(Items from a data source)
· · · · ·

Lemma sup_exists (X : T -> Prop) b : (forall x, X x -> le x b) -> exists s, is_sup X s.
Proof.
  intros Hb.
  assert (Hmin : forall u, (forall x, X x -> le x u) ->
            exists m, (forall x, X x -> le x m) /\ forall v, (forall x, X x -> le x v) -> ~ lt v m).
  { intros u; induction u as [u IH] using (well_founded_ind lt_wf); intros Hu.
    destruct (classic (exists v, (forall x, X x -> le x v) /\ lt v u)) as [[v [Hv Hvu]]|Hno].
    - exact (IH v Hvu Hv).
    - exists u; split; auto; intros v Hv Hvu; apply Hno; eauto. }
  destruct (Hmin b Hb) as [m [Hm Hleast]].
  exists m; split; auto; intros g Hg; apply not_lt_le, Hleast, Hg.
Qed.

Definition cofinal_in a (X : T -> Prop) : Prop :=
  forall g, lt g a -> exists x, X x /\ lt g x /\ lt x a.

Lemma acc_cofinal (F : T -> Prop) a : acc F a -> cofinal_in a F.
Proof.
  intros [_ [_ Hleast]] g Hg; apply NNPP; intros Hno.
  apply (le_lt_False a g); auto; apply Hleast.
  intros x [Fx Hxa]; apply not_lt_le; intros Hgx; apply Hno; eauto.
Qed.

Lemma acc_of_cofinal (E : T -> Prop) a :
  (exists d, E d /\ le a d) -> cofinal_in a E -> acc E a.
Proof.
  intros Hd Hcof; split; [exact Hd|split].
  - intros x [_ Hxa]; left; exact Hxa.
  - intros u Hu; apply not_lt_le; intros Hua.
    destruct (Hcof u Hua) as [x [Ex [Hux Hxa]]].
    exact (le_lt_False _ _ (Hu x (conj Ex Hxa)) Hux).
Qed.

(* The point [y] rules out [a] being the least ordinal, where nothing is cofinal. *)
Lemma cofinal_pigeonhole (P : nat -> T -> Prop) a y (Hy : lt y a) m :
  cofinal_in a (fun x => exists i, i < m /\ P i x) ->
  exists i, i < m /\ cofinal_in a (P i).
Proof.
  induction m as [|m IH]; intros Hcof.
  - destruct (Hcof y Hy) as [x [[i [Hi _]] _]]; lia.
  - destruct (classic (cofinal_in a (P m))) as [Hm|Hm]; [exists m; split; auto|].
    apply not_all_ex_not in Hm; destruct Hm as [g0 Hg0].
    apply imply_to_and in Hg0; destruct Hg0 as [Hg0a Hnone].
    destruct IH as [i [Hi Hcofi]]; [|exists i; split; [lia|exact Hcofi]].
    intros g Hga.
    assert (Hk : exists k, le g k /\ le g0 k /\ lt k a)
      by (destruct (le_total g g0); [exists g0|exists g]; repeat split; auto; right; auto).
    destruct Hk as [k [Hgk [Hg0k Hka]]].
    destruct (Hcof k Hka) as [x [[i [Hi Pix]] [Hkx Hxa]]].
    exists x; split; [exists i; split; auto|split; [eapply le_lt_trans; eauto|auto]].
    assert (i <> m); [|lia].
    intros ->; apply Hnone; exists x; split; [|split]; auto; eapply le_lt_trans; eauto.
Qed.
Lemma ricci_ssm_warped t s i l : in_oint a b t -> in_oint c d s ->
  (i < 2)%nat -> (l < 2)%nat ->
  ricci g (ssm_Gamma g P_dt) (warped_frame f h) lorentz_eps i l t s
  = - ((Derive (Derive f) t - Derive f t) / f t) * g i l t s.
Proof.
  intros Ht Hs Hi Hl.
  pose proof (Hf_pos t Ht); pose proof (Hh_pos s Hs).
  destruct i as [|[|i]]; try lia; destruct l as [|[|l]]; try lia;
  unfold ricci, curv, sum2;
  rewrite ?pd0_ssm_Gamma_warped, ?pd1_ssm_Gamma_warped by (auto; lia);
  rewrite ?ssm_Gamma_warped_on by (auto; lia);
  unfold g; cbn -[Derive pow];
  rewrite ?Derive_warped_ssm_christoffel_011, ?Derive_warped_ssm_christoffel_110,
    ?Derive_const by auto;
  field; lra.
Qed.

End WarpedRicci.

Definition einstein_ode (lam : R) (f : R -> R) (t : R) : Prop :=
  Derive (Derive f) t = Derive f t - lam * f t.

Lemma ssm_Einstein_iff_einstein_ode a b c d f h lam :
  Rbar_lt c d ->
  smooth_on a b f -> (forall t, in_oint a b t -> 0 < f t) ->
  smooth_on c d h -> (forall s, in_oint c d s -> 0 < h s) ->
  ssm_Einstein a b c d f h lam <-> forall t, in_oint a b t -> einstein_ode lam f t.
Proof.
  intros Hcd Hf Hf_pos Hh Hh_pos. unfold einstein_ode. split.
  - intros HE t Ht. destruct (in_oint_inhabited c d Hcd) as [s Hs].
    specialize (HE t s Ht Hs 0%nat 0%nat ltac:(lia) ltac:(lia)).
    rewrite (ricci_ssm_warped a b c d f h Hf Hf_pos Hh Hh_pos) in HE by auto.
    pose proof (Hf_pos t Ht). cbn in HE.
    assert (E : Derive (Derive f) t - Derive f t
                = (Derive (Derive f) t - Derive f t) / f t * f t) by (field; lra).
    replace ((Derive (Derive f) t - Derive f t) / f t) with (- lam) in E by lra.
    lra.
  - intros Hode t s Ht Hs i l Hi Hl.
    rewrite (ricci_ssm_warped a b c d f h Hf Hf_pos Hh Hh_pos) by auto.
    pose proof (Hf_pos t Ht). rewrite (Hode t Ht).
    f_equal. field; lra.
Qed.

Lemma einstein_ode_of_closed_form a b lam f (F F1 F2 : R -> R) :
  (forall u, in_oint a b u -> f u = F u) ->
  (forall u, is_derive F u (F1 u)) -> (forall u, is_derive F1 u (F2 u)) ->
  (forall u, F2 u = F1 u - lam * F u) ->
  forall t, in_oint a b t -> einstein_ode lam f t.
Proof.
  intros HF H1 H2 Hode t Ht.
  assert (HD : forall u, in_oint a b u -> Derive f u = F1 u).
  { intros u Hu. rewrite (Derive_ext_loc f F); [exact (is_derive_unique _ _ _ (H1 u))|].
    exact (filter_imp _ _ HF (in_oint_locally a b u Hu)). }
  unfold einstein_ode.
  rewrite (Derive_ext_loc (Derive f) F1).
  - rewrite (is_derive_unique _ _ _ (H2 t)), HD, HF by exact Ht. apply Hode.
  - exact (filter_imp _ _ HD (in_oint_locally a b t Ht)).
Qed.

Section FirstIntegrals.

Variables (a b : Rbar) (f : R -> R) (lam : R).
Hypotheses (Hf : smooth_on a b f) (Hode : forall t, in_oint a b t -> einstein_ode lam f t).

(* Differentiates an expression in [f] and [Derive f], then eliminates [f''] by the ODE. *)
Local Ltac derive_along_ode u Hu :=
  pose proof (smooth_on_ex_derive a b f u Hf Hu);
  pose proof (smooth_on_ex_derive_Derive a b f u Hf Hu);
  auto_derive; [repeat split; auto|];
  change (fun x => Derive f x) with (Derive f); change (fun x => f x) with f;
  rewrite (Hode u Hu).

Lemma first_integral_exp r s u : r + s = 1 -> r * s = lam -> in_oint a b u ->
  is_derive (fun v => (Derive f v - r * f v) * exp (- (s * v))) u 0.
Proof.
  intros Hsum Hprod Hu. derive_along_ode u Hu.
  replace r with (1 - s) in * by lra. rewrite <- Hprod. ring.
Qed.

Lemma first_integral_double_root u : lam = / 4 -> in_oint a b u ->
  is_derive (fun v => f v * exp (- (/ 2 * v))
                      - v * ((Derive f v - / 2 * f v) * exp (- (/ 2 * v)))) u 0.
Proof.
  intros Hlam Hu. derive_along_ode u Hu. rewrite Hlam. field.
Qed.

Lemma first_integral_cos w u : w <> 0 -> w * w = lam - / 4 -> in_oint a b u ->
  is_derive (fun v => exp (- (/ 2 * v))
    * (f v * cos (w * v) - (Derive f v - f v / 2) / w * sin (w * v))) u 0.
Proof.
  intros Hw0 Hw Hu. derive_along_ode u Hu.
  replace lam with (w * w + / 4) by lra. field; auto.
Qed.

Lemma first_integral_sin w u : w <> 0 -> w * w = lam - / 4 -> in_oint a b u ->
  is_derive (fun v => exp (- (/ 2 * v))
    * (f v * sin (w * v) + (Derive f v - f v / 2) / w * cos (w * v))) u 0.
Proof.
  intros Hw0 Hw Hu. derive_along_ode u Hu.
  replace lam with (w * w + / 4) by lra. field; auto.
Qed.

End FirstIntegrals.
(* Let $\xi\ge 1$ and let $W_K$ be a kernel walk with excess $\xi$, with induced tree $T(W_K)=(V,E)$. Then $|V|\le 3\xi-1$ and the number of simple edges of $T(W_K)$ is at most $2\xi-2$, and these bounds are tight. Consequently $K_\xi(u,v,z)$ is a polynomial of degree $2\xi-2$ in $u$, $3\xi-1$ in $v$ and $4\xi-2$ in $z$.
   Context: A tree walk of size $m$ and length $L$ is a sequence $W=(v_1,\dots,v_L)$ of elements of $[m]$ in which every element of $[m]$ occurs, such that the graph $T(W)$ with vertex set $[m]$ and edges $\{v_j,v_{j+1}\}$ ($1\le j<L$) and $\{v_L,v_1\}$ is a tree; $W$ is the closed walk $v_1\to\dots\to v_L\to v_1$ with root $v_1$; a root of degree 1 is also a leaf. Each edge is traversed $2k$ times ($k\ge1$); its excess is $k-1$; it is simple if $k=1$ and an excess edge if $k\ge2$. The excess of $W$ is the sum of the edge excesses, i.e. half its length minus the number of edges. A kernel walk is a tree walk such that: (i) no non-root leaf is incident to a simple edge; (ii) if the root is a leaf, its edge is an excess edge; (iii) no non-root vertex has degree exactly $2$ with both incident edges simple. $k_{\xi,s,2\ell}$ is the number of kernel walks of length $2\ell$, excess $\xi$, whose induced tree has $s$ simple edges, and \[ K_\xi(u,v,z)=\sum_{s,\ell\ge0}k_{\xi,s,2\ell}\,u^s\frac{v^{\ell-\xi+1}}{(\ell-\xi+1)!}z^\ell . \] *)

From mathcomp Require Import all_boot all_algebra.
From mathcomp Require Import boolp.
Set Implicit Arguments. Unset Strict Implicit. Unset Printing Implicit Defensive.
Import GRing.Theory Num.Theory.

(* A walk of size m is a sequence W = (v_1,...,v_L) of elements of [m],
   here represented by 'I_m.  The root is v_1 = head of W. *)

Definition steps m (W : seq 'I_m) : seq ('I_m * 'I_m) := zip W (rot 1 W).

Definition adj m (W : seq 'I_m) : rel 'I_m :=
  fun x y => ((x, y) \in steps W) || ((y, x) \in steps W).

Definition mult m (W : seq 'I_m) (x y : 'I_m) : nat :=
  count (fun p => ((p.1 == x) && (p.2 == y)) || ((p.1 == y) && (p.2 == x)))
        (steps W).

· · · · ·

Your goal: The response must consist solely of the lines from the first line of the entries through the line containing "apply (le_lt_False a", repeated exactly.

Task response:
Lemma sup_exists (X : T -> Prop) b : (forall x, X x -> le x b) -> exists s, is_sup X s.
Proof.
  intros Hb.
  assert (Hmin : forall u, (forall x, X x -> le x u) ->
            exists m, (forall x, X x -> le x m) /\ forall v, (forall x, X x -> le x v) -> ~ lt v m).
  { intros u; induction u as [u IH] using (well_founded_ind lt_wf); intros Hu.
    destruct (classic (exists v, (forall x, X x -> le x v) /\ lt v u)) as [[v [Hv Hvu]]|Hno].
    - exact (IH v Hvu Hv).
    - exists u; split; auto; intros v Hv Hvu; apply Hno; eauto. }
  destruct (Hmin b Hb) as [m [Hm Hleast]].
  exists m; split; auto; intros g Hg; apply not_lt_le, Hleast, Hg.
Qed.

Definition cofinal_in a (X : T -> Prop) : Prop :=
  forall g, lt g a -> exists x, X x /\ lt g x /\ lt x a.

Lemma acc_cofinal (F : T -> Prop) a : acc F a -> cofinal_in a F.
Proof.
  intros [_ [_ Hleast]] g Hg; apply NNPP; intros Hno.
  apply (le_lt_False a g); auto; apply Hleast.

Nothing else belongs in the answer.